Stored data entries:
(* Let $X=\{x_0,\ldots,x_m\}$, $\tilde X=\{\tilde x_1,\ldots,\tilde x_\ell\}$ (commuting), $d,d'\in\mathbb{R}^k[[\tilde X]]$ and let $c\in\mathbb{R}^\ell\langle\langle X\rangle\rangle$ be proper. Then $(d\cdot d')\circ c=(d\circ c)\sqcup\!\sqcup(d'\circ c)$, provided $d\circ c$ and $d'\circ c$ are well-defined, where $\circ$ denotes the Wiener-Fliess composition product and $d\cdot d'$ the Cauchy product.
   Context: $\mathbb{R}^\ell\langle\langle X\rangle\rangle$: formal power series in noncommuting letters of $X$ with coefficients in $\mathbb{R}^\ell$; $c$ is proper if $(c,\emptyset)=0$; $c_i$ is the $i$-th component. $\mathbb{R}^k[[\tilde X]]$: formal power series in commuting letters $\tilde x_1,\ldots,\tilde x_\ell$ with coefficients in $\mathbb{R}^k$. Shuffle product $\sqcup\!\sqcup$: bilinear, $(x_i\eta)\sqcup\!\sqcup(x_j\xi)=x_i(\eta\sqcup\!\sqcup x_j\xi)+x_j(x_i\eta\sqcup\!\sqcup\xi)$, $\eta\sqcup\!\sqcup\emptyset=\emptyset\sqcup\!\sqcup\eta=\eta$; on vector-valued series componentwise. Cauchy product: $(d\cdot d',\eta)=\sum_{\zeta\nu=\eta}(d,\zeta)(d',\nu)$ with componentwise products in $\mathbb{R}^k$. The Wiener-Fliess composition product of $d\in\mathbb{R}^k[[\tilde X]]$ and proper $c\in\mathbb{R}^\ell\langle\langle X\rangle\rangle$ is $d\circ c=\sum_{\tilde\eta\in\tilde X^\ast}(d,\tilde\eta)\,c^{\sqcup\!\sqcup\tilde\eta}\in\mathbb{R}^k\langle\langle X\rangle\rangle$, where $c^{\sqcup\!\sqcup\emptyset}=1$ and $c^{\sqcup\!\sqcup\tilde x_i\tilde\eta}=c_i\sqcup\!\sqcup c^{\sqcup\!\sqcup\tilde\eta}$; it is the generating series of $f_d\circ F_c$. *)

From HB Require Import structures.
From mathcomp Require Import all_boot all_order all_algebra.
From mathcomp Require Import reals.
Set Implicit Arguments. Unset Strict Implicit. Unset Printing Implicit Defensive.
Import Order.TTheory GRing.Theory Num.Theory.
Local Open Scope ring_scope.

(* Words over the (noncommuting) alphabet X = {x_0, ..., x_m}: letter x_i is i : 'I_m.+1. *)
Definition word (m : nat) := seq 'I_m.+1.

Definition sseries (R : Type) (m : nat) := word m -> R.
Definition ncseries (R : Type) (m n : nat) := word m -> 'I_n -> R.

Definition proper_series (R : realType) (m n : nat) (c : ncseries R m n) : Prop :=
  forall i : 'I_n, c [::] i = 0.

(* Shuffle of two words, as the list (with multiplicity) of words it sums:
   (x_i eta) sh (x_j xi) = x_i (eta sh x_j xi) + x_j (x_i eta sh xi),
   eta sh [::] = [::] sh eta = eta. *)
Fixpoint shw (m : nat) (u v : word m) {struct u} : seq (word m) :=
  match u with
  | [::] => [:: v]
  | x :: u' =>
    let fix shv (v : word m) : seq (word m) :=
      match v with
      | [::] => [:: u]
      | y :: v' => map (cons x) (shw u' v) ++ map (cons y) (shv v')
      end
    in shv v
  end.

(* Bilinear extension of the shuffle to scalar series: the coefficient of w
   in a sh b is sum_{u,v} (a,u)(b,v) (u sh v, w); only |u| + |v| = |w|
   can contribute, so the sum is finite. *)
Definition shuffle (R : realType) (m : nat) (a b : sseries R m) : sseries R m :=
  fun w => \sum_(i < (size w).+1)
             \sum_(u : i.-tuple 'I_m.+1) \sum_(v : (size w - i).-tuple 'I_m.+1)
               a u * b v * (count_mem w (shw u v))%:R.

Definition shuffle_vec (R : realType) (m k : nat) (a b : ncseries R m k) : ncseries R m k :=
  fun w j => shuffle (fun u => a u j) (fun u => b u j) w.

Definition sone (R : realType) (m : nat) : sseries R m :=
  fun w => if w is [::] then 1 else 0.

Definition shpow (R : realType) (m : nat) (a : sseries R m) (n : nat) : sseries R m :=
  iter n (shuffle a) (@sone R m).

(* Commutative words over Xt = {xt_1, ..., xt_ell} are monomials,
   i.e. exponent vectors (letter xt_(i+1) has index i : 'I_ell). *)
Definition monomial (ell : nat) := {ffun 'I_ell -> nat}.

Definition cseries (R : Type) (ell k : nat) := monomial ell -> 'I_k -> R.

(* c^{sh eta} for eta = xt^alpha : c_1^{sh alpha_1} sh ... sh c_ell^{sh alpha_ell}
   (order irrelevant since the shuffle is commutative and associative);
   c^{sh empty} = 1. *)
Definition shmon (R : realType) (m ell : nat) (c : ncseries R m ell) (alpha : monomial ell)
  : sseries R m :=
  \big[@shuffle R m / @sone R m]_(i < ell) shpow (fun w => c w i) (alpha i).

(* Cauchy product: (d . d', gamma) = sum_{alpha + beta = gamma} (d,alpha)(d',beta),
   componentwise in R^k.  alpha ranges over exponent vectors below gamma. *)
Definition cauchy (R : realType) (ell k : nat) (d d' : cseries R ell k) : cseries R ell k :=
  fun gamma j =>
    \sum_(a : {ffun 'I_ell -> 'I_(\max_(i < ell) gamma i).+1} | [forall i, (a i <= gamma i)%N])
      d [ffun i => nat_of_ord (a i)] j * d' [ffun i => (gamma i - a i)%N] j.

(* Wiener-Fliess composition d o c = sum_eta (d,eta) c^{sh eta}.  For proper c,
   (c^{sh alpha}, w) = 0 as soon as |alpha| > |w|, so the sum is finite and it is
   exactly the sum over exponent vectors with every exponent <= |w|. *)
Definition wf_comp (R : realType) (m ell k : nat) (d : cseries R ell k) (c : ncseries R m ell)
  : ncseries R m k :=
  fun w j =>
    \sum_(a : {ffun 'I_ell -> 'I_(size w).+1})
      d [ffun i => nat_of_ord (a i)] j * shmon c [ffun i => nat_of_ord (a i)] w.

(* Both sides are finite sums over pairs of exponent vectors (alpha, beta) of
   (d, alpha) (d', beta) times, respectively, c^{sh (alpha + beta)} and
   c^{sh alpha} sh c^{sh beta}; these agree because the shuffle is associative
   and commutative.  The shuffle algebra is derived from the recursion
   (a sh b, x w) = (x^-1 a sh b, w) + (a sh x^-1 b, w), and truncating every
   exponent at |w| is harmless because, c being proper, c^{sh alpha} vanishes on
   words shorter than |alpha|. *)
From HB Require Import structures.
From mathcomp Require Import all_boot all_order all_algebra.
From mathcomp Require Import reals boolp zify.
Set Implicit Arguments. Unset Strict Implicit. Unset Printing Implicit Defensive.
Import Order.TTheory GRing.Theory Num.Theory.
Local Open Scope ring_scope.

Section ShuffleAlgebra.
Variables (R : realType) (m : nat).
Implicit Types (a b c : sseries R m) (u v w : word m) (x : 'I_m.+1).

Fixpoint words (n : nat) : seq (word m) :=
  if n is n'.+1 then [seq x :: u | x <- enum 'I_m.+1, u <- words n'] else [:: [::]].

# Activity:
Exactly as they stand above, repeat all the records.

# Result of the exercise:
(* Let $X=\{x_0,\ldots,x_m\}$, $\tilde X=\{\tilde x_1,\ldots,\tilde x_\ell\}$ (commuting), $d,d'\in\mathbb{R}^k[[\tilde X]]$ and let $c\in\mathbb{R}^\ell\langle\langle X\rangle\rangle$ be proper. Then $(d\cdot d')\circ c=(d\circ c)\sqcup\!\sqcup(d'\circ c)$, provided $d\circ c$ and $d'\circ c$ are well-defined, where $\circ$ denotes the Wiener-Fliess composition product and $d\cdot d'$ the Cauchy product.
   Context: $\mathbb{R}^\ell\langle\langle X\rangle\rangle$: formal power series in noncommuting letters of $X$ with coefficients in $\mathbb{R}^\ell$; $c$ is proper if $(c,\emptyset)=0$; $c_i$ is the $i$-th component. $\mathbb{R}^k[[\tilde X]]$: formal power series in commuting letters $\tilde x_1,\ldots,\tilde x_\ell$ with coefficients in $\mathbb{R}^k$. Shuffle product $\sqcup\!\sqcup$: bilinear, $(x_i\eta)\sqcup\!\sqcup(x_j\xi)=x_i(\eta\sqcup\!\sqcup x_j\xi)+x_j(x_i\eta\sqcup\!\sqcup\xi)$, $\eta\sqcup\!\sqcup\emptyset=\emptyset\sqcup\!\sqcup\eta=\eta$; on vector-valued series componentwise. Cauchy product: $(d\cdot d',\eta)=\sum_{\zeta\nu=\eta}(d,\zeta)(d',\nu)$ with componentwise products in $\mathbb{R}^k$. The Wiener-Fliess composition product of $d\in\mathbb{R}^k[[\tilde X]]$ and proper $c\in\mathbb{R}^\ell\langle\langle X\rangle\rangle$ is $d\circ c=\sum_{\tilde\eta\in\tilde X^\ast}(d,\tilde\eta)\,c^{\sqcup\!\sqcup\tilde\eta}\in\mathbb{R}^k\langle\langle X\rangle\rangle$, where $c^{\sqcup\!\sqcup\emptyset}=1$ and $c^{\sqcup\!\sqcup\tilde x_i\tilde\eta}=c_i\sqcup\!\sqcup c^{\sqcup\!\sqcup\tilde\eta}$; it is the generating series of $f_d\circ F_c$. *)

From HB Require Import structures.
From mathcomp Require Import all_boot all_order all_algebra.
From mathcomp Require Import reals.
Set Implicit Arguments. Unset Strict Implicit. Unset Printing Implicit Defensive.
Import Order.TTheory GRing.Theory Num.Theory.
Local Open Scope ring_scope.

(* Words over the (noncommuting) alphabet X = {x_0, ..., x_m}: letter x_i is i : 'I_m.+1. *)
Definition word (m : nat) := seq 'I_m.+1.

Definition sseries (R : Type) (m : nat) := word m -> R.
Definition ncseries (R : Type) (m n : nat) := word m -> 'I_n -> R.

Definition proper_series (R : realType) (m n : nat) (c : ncseries R m n) : Prop :=
  forall i : 'I_n, c [::] i = 0.

(* Shuffle of two words, as the list (with multiplicity) of words it sums:
   (x_i eta) sh (x_j xi) = x_i (eta sh x_j xi) + x_j (x_i eta sh xi),
   eta sh [::] = [::] sh eta = eta. *)
Fixpoint shw (m : nat) (u v : word m) {struct u} : seq (word m) :=
  match u with
  | [::] => [:: v]
  | x :: u' =>
    let fix shv (v : word m) : seq (word m) :=
      match v with
      | [::] => [:: u]
      | y :: v' => map (cons x) (shw u' v) ++ map (cons y) (shv v')
      end
    in shv v
  end.

(* Bilinear extension of the shuffle to scalar series: the coefficient of w
   in a sh b is sum_{u,v} (a,u)(b,v) (u sh v, w); only |u| + |v| = |w|
   can contribute, so the sum is finite. *)
Definition shuffle (R : realType) (m : nat) (a b : sseries R m) : sseries R m :=
  fun w => \sum_(i < (size w).+1)
             \sum_(u : i.-tuple 'I_m.+1) \sum_(v : (size w - i).-tuple 'I_m.+1)
               a u * b v * (count_mem w (shw u v))%:R.

Definition shuffle_vec (R : realType) (m k : nat) (a b : ncseries R m k) : ncseries R m k :=
  fun w j => shuffle (fun u => a u j) (fun u => b u j) w.

Definition sone (R : realType) (m : nat) : sseries R m :=
  fun w => if w is [::] then 1 else 0.

Definition shpow (R : realType) (m : nat) (a : sseries R m) (n : nat) : sseries R m :=
  iter n (shuffle a) (@sone R m).

(* Commutative words over Xt = {xt_1, ..., xt_ell} are monomials,
   i.e. exponent vectors (letter xt_(i+1) has index i : 'I_ell). *)
Definition monomial (ell : nat) := {ffun 'I_ell -> nat}.

Definition cseries (R : Type) (ell k : nat) := monomial ell -> 'I_k -> R.

(* c^{sh eta} for eta = xt^alpha : c_1^{sh alpha_1} sh ... sh c_ell^{sh alpha_ell}
   (order irrelevant since the shuffle is commutative and associative);
   c^{sh empty} = 1. *)
Definition shmon (R : realType) (m ell : nat) (c : ncseries R m ell) (alpha : monomial ell)
  : sseries R m :=
  \big[@shuffle R m / @sone R m]_(i < ell) shpow (fun w => c w i) (alpha i).

(* Cauchy product: (d . d', gamma) = sum_{alpha + beta = gamma} (d,alpha)(d',beta),
   componentwise in R^k.  alpha ranges over exponent vectors below gamma. *)
Definition cauchy (R : realType) (ell k : nat) (d d' : cseries R ell k) : cseries R ell k :=
  fun gamma j =>
    \sum_(a : {ffun 'I_ell -> 'I_(\max_(i < ell) gamma i).+1} | [forall i, (a i <= gamma i)%N])
      d [ffun i => nat_of_ord (a i)] j * d' [ffun i => (gamma i - a i)%N] j.

(* Wiener-Fliess composition d o c = sum_eta (d,eta) c^{sh eta}.  For proper c,
   (c^{sh alpha}, w) = 0 as soon as |alpha| > |w|, so the sum is finite and it is
   exactly the sum over exponent vectors with every exponent <= |w|. *)
Definition wf_comp (R : realType) (m ell k : nat) (d : cseries R ell k) (c : ncseries R m ell)
  : ncseries R m k :=
  fun w j =>
    \sum_(a : {ffun 'I_ell -> 'I_(size w).+1})
      d [ffun i => nat_of_ord (a i)] j * shmon c [ffun i => nat_of_ord (a i)] w.

(* Both sides are finite sums over pairs of exponent vectors (alpha, beta) of
   (d, alpha) (d', beta) times, respectively, c^{sh (alpha + beta)} and
   c^{sh alpha} sh c^{sh beta}; these agree because the shuffle is associative
   and commutative.  The shuffle algebra is derived from the recursion
   (a sh b, x w) = (x^-1 a sh b, w) + (a sh x^-1 b, w), and truncating every
   exponent at |w| is harmless because, c being proper, c^{sh alpha} vanishes on
   words shorter than |alpha|. *)
From HB Require Import structures.
From mathcomp Require Import all_boot all_order all_algebra.
From mathcomp Require Import reals boolp zify.
Set Implicit Arguments. Unset Strict Implicit. Unset Printing Implicit Defensive.
Import Order.TTheory GRing.Theory Num.Theory.
Local Open Scope ring_scope.

Section ShuffleAlgebra.
Variables (R : realType) (m : nat).
Implicit Types (a b c : sseries R m) (u v w : word m) (x : 'I_m.+1).

Fixpoint words (n : nat) : seq (word m) :=
  if n is n'.+1 then [seq x :: u | x <- enum 'I_m.+1, u <- words n'] else [:: [::]].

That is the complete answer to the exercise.